Review: Sugarland - Australian Theatre for Young People
Art Smitten30 Mai 2016

Review: Sugarland - Australian Theatre for Young People

It was fantastic to hear that The Arts Centre’s season of Sugarland is being targeted at VCE students, but don’t let that make you think that the play itself is mostly for high school students. Fraser Corfiel and David Page’s debut production of Rachel Coopes and Wayne Blair‘s latest theatrical work is one of those stories of adolescence that engages teenagers both past and present.

Lately, Melbourne has seen quite a few ensemble pieces set in remote regions of Australia, usually ones like this year’s Meeka that have used this type of setting as a source of claustrophobia, dread and potent danger. One of the characters in Sugarland, Erica (played by Xanthe Paige) describes the Northern Territory town of Katherine as a kind of Disneyland, a peaceful place where no one is a stranger and everyone can be trusted. However, Erica has just moved here from Canberra, while our narrator, Nina (Dubs Yunupingu), and her friend, Jimmy (Calen Tassone), have lived here their entire lives. They are two aboriginal teenagers, who both express a strong spiritual connection to their land and their ancestry in some beautifully lyrical monologues, but who would both leave this town in a heartbeat if they could. Nina lives in a single share house with 12 other people, one of them being her mother’s abusive auntie. She wants to live in her own house, where she won’t have to be dodging blows and following orders. She wants to go to a school where she won’t have to suppress her academic skill so she can stay in a class with people who understand her. Jimmy isn’t sure what he wants, he just doesn’t want to be living in Katherine. Since he is currently lacking the attendance to finish school and the work ethic to get into a trade, this seems like an impossible dream, but for Nina, there is the shining prospect of winning the town’s Sing Search competition and the grand prize of $5000. She certainly has the vocal talent to take this contest out, but so might Erica. She already has the means to leave, but unlike Nina, Jimmy, and their naïve young schoolmate, Aaron (Narek Arman), she has also already been to the outside world. She has lived where they all dream of living and has had to move many times throughout her life. She knows that a change of place can only do so much, and that childhood neglect takes its toll no matter how much money you have thrown at you. One of the play’s most powerful scenes shows how Jimmy and Erica, two characters from such vastly different backgrounds, have both ended up in this same damaged, dangerous place in their lives.

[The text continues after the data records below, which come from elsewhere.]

(* Let $H$ be a connected edge-weighted graph with a $w$-gridtree $\mathcal{T}$. Let $\eta$ and $\eta'$ be columns such that $\eta$ is an ancestor of $\eta'$ in $\mathcal{T}$ and the path between them in $\mathcal{T}$ contains exactly $m$ columns strictly between $\eta$ and $\eta'$. Then every path $P$ in $H$ from a vertex $u\in\eta$ to a vertex $v\in V(H_{\eta'})$ has length at least $m\cdot w$.
   Context: A $w$-gridtree for a connected edge-weighted graph $H$ consists of a partition of $V(H)$ into disjoint subsets, each designated either a column or a leftover set, together with a rooted tree $\mathcal{T}$ whose nodes are in one-to-one correspondence with the columns and whose edges are in one-to-one correspondence with the leftover sets, satisfying: (Column adjacency) For every edge $(u,v)$ of $H$: either $u,v$ lie in the same subset, or $u,v$ lie in columns adjacent in $\mathcal{T}$, or one lies in a column $\eta$ and the other in a leftover set whose edge of $\mathcal{T}$ is incident to $\eta$. (Column width) For a column $\eta$, every other column and every edge of $\mathcal{T}$ is either below $\eta$ (in the subtree of $\mathcal{T}$ rooted at $\eta$; for edges, both endpoints in that subtree) or above $\eta$ (otherwise); a vertex is above/below $\eta$ if its column or leftover set is. If $a\in\eta$ is adjacent in $H$ to a vertex above $\eta$, $b$ is a vertex below $\eta$, and $P$ is a path in $H$ from $a$ to $b$, then $P$ has length at least $w$. (Column shortcut) For a column $\eta$, let $H_\eta$ be the subgraph of $H$ induced by $\eta$, all columns below $\eta$, and all leftover sets below $\eta$ or incident to $\eta$. There is a shortest path $\pi_\eta$ of $H_\eta$ such that every vertex of $\eta$ is within distance $2w$ of $\pi_\eta$ in the induced subgraph $H[\eta]$. *)

From mathcomp Require Import all_boot all_order all_algebra.
Set Implicit Arguments. Unset Strict Implicit. Unset Printing Implicit Defensive.
Import Order.TTheory GRing.Theory Num.Theory.
Local Open Scope ring_scope.

Section Graphs.
Variables (R : realFieldType) (V : finType).

Definition wgraph (adj : rel V) (wt : V -> V -> R) : Prop :=
  irreflexive adj /\ symmetric adj /\
  (forall x y, adj x y -> wt x y = wt y x) /\
  (forall x y, adj x y -> 0 <= wt x y).

Definition connected (adj : rel V) : Prop :=
  forall x y : V, exists p : seq V, path adj x p /\ last x p = y.

Definition is_path (adj : rel V) (x : V) (p : seq V) : bool :=
  path adj x p && uniq (x :: p).

Definition plen (wt : V -> V -> R) (x : V) (p : seq V) : R :=
  \sum_(e <- zip (x :: p) p) wt e.1 e.2.

End Graphs.

Section Gridtree.
Variables (R : realFieldType) (V C : finType).

Definition rooted_tree (root : C) (par : C -> C) : Prop :=
  par root = root /\ forall c, exists k, iter k par c = root.

Definition desc (par : C -> C) (c d : C) : Prop :=
  exists k, iter k par c = d.

(* Location of a vertex: [inl c] = column c; [inr c] = leftover set of the
   tree edge {c, par c} (c non-root). *)
Definition loc_below (par : C -> C) (eta : C) (l : C + C) : Prop :=
  match l with
  | inl c => c <> eta /\ desc par c eta
  | inr c => c <> eta /\ desc par c eta
  end.

Definition loc_above (par : C -> C) (eta : C) (l : C + C) : Prop :=
  match l with
  | inl c => ~ desc par c eta
  | inr c => ~ (c <> eta /\ desc par c eta)
  end.

(* Location belongs to H_eta: eta, columns below eta, leftover sets below
   eta or incident to eta. *)
Definition loc_in_H (par : C -> C) (eta : C) (l : C + C) : Prop :=
  match l with
  | inl c => desc par c eta
  | inr c => desc par c eta
  end.

Definition leftover_ok (root : C) (loc : V -> C + C) : Prop :=
  forall v c, loc v = inr c -> c <> root.

Definition column_adjacency (adj : rel V) (par : C -> C) (loc : V -> C + C) : Prop :=
  forall u v, adj u v ->
    loc u = loc v \/
    (exists c c', loc u = inl c /\ loc v = inl c' /\ c <> c' /\
                  (par c = c' \/ par c' = c)) \/
    (exists c e, ((loc u = inl c /\ loc v = inr e) \/ (loc u = inr e /\ loc v = inl c))
                 /\ (c = e \/ c = par e)).

Definition column_width (adj : rel V) (wt : V -> V -> R) (w : R)
    (par : C -> C) (loc : V -> C + C) : Prop :=
  forall (eta : C) (a b : V) (p : seq V),
    loc a = inl eta ->
    (exists x, adj a x /\ loc_above par eta (loc x)) ->
    loc_below par eta (loc b) ->
    is_path adj a p -> last a p = b ->
    w <= plen wt a p.

Definition column_shortcut (adj : rel V) (wt : V -> V -> R) (w : R)
    (par : C -> C) (loc : V -> C + C) : Prop :=
  forall eta : C,
    exists (s : V) (pi : seq V),
      [/\ is_path adj s pi,
          (forall x, x \in s :: pi -> loc_in_H par eta (loc x)),
          (forall q : seq V, is_path adj s q -> last s q = last s pi ->
             (forall x, x \in s :: q -> loc_in_H par eta (loc x)) ->
             plen wt s pi <= plen wt s q) &
          (forall x, loc x = inl eta ->
             exists (y : V) (t : seq V),
               [/\ y \in s :: pi, is_path adj x t, last x t = y,
                   (forall z, z \in x :: t -> loc z = inl eta) &
                   plen wt x t <= 2 * w])].

Definition gridtree (adj : rel V) (wt : V -> V -> R) (w : R)
    (root : C) (par : C -> C) (loc : V -> C + C) : Prop :=
  [/\ rooted_tree root par, leftover_ok root loc, column_adjacency adj par loc,
      column_width adj wt w par loc & column_shortcut adj wt w par loc].

Definition anc_gap (par : C -> C) (eta eta' : C) (m : nat) : Prop :=
  (eta' = eta /\ m = 0%N) \/
  (iter m.+1 par eta' = eta /\ forall j, (j <= m)%N -> iter j par eta' <> eta).

End Gridtree.

From mathcomp Require Import all_boot all_order all_algebra.
From mathcomp Require Import zify.
From Stdlib Require Import Classical.
Set Implicit Arguments. Unset Strict Implicit. Unset Printing Implicit Defensive.
Import Order.TTheory GRing.Theory Num.Theory.
Local Open Scope ring_scope.

(* Write c_j := par^j eta', so that c_0 = eta', c_(m+1) = eta and the
   columns strictly between are c_1, ..., c_m.  Two general facts drive the
   argument:
   - (crossing) a path starting above a column d and ending outside the
     region above d has a first vertex z outside that region; by column
     adjacency z lies in the column d itself, and its predecessor is above d;
   - (width) by the column-width property, a path from such a z in column
     c_(j+1) down to a vertex below c_(j+1) has length at least w.
   Induction on j then shows that a path from a vertex of c_j that has a
   neighbour above c_j down to H_eta' has length at least j * w: cross into
   c_(j-1), pay w before the crossing and j-1 times w after it.  The theorem
   follows by crossing from u into c_m. *)

Section PathLength.
Variables (R : realFieldType) (V : finType) (adj : rel V) (wt : V -> V -> R).

Lemma plen_cons x y p : plen wt x (y :: p) = wt x y + plen wt y p.
Proof. by rewrite /plen /= big_cons. Qed.

Lemma plen_cat x p q : plen wt x (p ++ q) = plen wt x p + plen wt (last x p) q.
Proof.
elim: p x => [|y p IHp] x /=; first by rewrite /plen big_nil add0r.
by rewrite !plen_cons IHp addrA.
Qed.

Lemma plen_split x p z q :
  plen wt x (p ++ z :: q) = plen wt x (rcons p z) + plen wt z q.
Proof. by rewrite -cat_rcons plen_cat last_rcons. Qed.

Lemma plen_ge0 x p :
  (forall a b, adj a b -> 0 <= wt a b) -> path adj x p -> 0 <= plen wt x p.
Proof.
move=> wt_ge0; elim: p x => [|y p IHp] x /=; first by rewrite /plen big_nil.
by case/andP=> xy yp; rewrite plen_cons addr_ge0 ?wt_ge0 ?IHp.
Qed.

Lemma is_path_split x p z q :
  is_path adj x (p ++ z :: q) ->
  [/\ is_path adj x (rcons p z), is_path adj z q & adj (last x p) z].
Proof.
rewrite /is_path cat_path => /andP[/andP[xp /andP[z_adj zq]] u].
move: (u); rewrite -cat_cons -cat_rcons cat_uniq => /and3P[uxz _ _].
move: u; rewrite -cat_cons cat_uniq => /and3P[_ _ uzq].
rewrite rcons_path xp z_adj uxz uzq; split=> //; rewrite andbT; exact: zq.
Qed.

End PathLength.

Lemma first_exit (T : Type) (P : T -> Prop) (x : T) (p : seq T) :
  P x -> ~ P (last x p) ->
  exists p1 z p2, [/\ p = p1 ++ z :: p2, P (last x p1) & ~ P z].
Proof.
elim: p x => [|y p IHp] x Px nPlast //=.
have [Py | nPy] := classic (P y); last by exists [::], y, p.
have [p1 [z [p2 [-> Pp1 nPz]]]] := IHp y Py nPlast.
by exists (y :: p1), z, p2.
Qed.

Section RootedTree.
Variables (C : finType) (root : C) (par : C -> C).
Hypothesis tree : rooted_tree root par.

Lemma iter_fixed d n : par d = d -> iter n par d = d.
Proof. by move=> pard; elim: n => //= n ->. Qed.

Lemma cycle_fixed d n : iter n.+1 par d = d -> par d = d.
Proof.
case: tree => par_root reach_root dd; have [k dk] := reach_root d.
have period q : iter (q * n.+1) par d = d.
  by elim: q => // q IHq; rewrite mulSn iterD IHq dd.
suff -> : d = root by [].
rewrite -[in LHS](period k) -dk.
have -> : (k * n.+1 = (k * n.+1 - k) + k)%N by rewrite subnK // leq_pmulr.
by rewrite iterD dk iter_fixed.
Qed.

Lemma desc_trans c d e : desc par c d -> desc par d e -> desc par c e.
Proof. by move=> [k ck] [l dl]; exists (l + k)%N; rewrite iterD ck. Qed.

Lemma desc_par c d : desc par (par c) d -> desc par c d.
Proof. by move=> [k ck]; exists k.+1; rewrite iterSr. Qed.

Lemma desc_par_self d : desc par (par d) d -> par d = d.
Proof. by move=> [k dk]; apply: (@cycle_fixed d k); rewrite iterSr. Qed.

End RootedTree.

Lemma below_not_above (C : finType) (par : C -> C) d l :
  loc_below par d l -> ~ loc_above par d l.
Proof. by case: l => e /= [eNd e_d] above; apply: above. Qed.

Section Crossing.
Variables (V C : finType) (adj : rel V) (root : C) (par : C -> C) (loc : V -> C + C).
Hypothesis adj_sym : symmetric adj.
Hypothesis tree : rooted_tree root par.
Hypothesis col_adj : column_adjacency adj par loc.

Lemma edge_leaves_above a b d :
  adj a b -> loc_above par d (loc a) -> ~ loc_above par d (loc b) ->
  loc b = inl d.
Proof.
(* Only an edge from the parent column of d or from the leftover set of an
   edge incident to d can leave the region above d. *)
move=> ab; case: (col_adj ab) =>
    [-> // | [[e [e' [-> [-> [_ [ee' | e'e]]]]]] | [e [f [[[-> ->] | [-> ->]] ef]]]]] /=.
- move=> eNd e'Nd; exfalso; apply: e'Nd => e'd; apply: eNd.
  by apply: desc_par; rewrite ee'.
- move=> eNd /NNPP [[|k] e'd]; first by rewrite -e'd.
  by exfalso; apply: eNd; exists k; rewrite -e'd iterSr e'e.
- move=> eNd fNd; exfalso; apply: fNd => -[fd [k fk]]; apply: eNd.
  case: ef => [-> | ->]; first by exists k.
  by case: k fk => [|k] fk //; exists k; rewrite -fk iterSr.
- move=> fNd /NNPP ed; have [fd | fNd'] := eqVneq f d.
    subst d; case: ef ed => -> // ed.
    by rewrite (desc_par_self tree ed).
  exfalso; apply: fNd; split; first exact/eqP.
  by case: ef => ef; [rewrite -ef | apply: desc_par; rewrite -ef].
Qed.

Lemma path_crosses_column d x q :
  is_path adj x q -> loc_above par d (loc x) ->
  ~ loc_above par d (loc (last x q)) ->
  exists p1 z p2, [/\ q = p1 ++ z :: p2, is_path adj x (rcons p1 z),
    is_path adj z p2, loc z = inl d &
    exists y, adj z y /\ loc_above par d (loc y)].
Proof.
move=> xq x_above last_out.
have [p1 [z [p2 [qE p1_above z_out]]]] :=
  first_exit (P := fun y => loc_above par d (loc y)) x_above last_out.
subst q; have [xz zp2 p1z] := is_path_split xq.
exists p1, z, p2; split=> //; first exact: edge_leaves_above p1z p1_above z_out.
by exists (last x p1); rewrite adj_sym.
Qed.

End Crossing.

Section ColumnChain.
Variables (C : finType) (root : C) (par : C -> C) (eta eta' : C) (m : nat).
Hypothesis tree : rooted_tree root par.
Hypothesis eta_anc : iter m.+1 par eta' = eta.
Hypothesis eta_first : forall j, (j <= m)%N -> iter j par eta' <> eta.

Let c j := iter j par eta'.

Lemma chain_not_fixed j : (j <= m)%N -> par (c j) <> c j.
Proof.
move=> jm cjfix; apply: (eta_first jm); rewrite -eta_anc.
have -> : m.+1 = ((m.+1 - j) + j)%N by rewrite subnK // leqW.
by rewrite iterD [in RHS]iter_fixed.
Qed.

Lemma chain_desc i j : (j <= m)%N -> desc par (c i) (c j) <-> (i <= j)%N.
Proof.
move=> jm; split=> [[k cij] | ij]; last first.
  by exists (j - i)%N; rewrite /c -iterD subnK.
rewrite leqNgt; apply/negP => ji; apply: (chain_not_fixed jm).
have cj_cycle : iter (k + i - j - 1).+1 par (c j) = c j.
  by rewrite -[in RHS]cij /c -!iterD; congr (iter _ par eta'); lia.
exact: (cycle_fixed tree cj_cycle).
Qed.

Lemma chain_above i j :
  (j < i)%N -> (j <= m)%N -> loc_above par (c j) (inl (c i)).
Proof. by move=> ji jm /= /(chain_desc i jm); rewrite leqNgt ji. Qed.

Lemma chain_below j : (j <= m)%N -> loc_below par (c j.+1) (inl (c j)).
Proof.
move=> jm; split; last by exists 1%N.
move=> cjj; suff: (j.+1 <= j)%N by rewrite ltnn.
by apply/(chain_desc j.+1 jm); exists 0%N; rewrite cjj.
Qed.

Lemma chain_H_below j l :
  (0 < j <= m)%N -> loc_in_H par eta' l -> loc_below par (c j) l.
Proof.
case/andP=> j_gt0 jm.
suff below d : desc par d eta' -> d <> c j /\ desc par d (c j).
  by case: l => d /below.
move=> d_eta'; split; last by apply: desc_trans d_eta' _; apply/(chain_desc 0 jm).
move=> dj; move: d_eta'; rewrite dj => /(chain_desc j (leq0n m)).
by rewrite leqNgt j_gt0.
Qed.

Variables (R : realFieldType) (V : finType) (adj : rel V) (wt : V -> V -> R).
Variables (w : R) (loc : V -> C + C).
Hypothesis adj_sym : symmetric adj.
Hypothesis col_adj : column_adjacency adj par loc.
Hypothesis col_width : column_width adj wt w par loc.

Lemma chain_path_bound j x q :
  (0 < j <= m)%N -> is_path adj x q -> loc_in_H par eta' (loc (last x q)) ->
  loc x = inl (c j) -> (exists y, adj x y /\ loc_above par (c j) (loc y)) ->
  j%:R * w <= plen wt x q.
Proof.
elim: j x q => [|j IHj] x q // /andP[_ jm] xq last_H x_col x_exit.
have [j0 | j_gt0] := posnP j.
  rewrite j0 mul1r; apply: (col_width x_col x_exit _ xq erefl).
  exact: chain_H_below.
have jm' : (j <= m)%N := ltnW jm.
have x_above : loc_above par (c j) (loc x).
  by rewrite x_col; apply: chain_above.
have last_out : ~ loc_above par (c j) (loc (last x q)).
  by apply/below_not_above/chain_H_below => //; rewrite j_gt0.
have [p1 [z [p2 [qE xz zp2 z_col z_exit]]]] :=
  path_crosses_column adj_sym tree col_adj xq x_above last_out.
rewrite qE plen_split -addn1 natrD mulrDl mul1r addrC.
apply: lerD.
  apply: (col_width x_col x_exit _ xz (last_rcons _ _ _)).
  by rewrite z_col; apply: chain_below.
apply: IHj => //; first by rewrite j_gt0.
by move: last_H; rewrite qE last_cat.
Qed.

End ColumnChain.

Theorem claim5p2 (R : realFieldType) (V C : finType) (adj : rel V)
    (wt : V -> V -> R) (w : R) (root : C) (par : C -> C) (loc : V -> C + C)
    (eta eta' : C) (m : nat) (u v : V) (p : seq V) :
  wgraph adj wt -> connected adj -> gridtree adj wt w root par loc ->
  anc_gap par eta eta' m ->
  loc u = inl eta -> loc_in_H par eta' (loc v) ->
  is_path adj u p -> last u p = v ->
  m%:R * w <= plen wt u p.
Proof.
move=> [_ [adj_sym [_ wt_ge0]]] _ [tree _ col_adj col_width _] gap u_eta v_H up pv.
have len_ge0 x q : is_path adj x q -> 0 <= plen wt x q.
  by case/andP=> xq _; exact: plen_ge0 wt_ge0 xq.
case: gap => [[_ m0] | [eta_anc eta_first]]; first by rewrite m0 mul0r len_ge0.
have [m0 | m_gt0] := posnP m; first by rewrite m0 mul0r len_ge0.
have u_above : loc_above par (iter m par eta') (loc u).
  by rewrite u_eta -eta_anc; apply: (chain_above tree eta_anc eta_first).
have v_out : ~ loc_above par (iter m par eta') (loc (last u p)).
  rewrite pv; apply/below_not_above/(chain_H_below tree eta_anc eta_first) => //.
  by rewrite m_gt0 leqnn.
have [p1 [z [p2 [pE uz zp2 z_col z_exit]]]] :=
  path_crosses_column adj_sym tree col_adj up u_above v_out.
rewrite pE plen_split; apply: ler_wpDl (len_ge0 _ _ uz) _.
apply: (chain_path_bound tree eta_anc eta_first adj_sym col_adj col_width
          _ zp2 _ z_col z_exit); first by rewrite m_gt0 leqnn.
by move: v_H; rewrite -pv pE last_cat.
Qed.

This is the tone of about half of the show’s total duration, the remainder is just as affecting but a lot more fun. Every member of the cast, which also features Jonas Thomson as their hapless schoolmate, Charles and Eliza Logan as the long-suffering social worker, all have excellent comedic and timing and dramatic skill, and some even get a chance to show some impressive singing skills. The lighter scenes do well to endear us towards these wonderfully drawn characters whose plights, though they are of many different shapes and sizes, are all very compelling and uniquely revealing. Charles is another hopeful entrant in the competition. He has chosen to sing, of all things, Justin Bieber’s ‘Baby,’ and has no desire to tell this to his sport-obsessed father, unless he wins. He is a simultaneously hilarious and heartbreaking example of the pressures placed on young white Australian men, just as Aaron, Jimmy and Nina show us what happens to young Indigenous men and women who have no pressures and no expectations placed on them at all. The singing competition, with all of its pitfalls and inequities, is an excellent narrative device for encapsulating the high hopes and crushing realities of these five young people who all want and deserve the same things, love and freedom, but who, for various reasons, may never come to know them.

Sugarland is truly a theatrical marvel, having managed to engage, educate and consistently entertain young audiences without pandering to them or misrepresenting them. It is an authentic, insightful, and artistically precise piece of storytelling.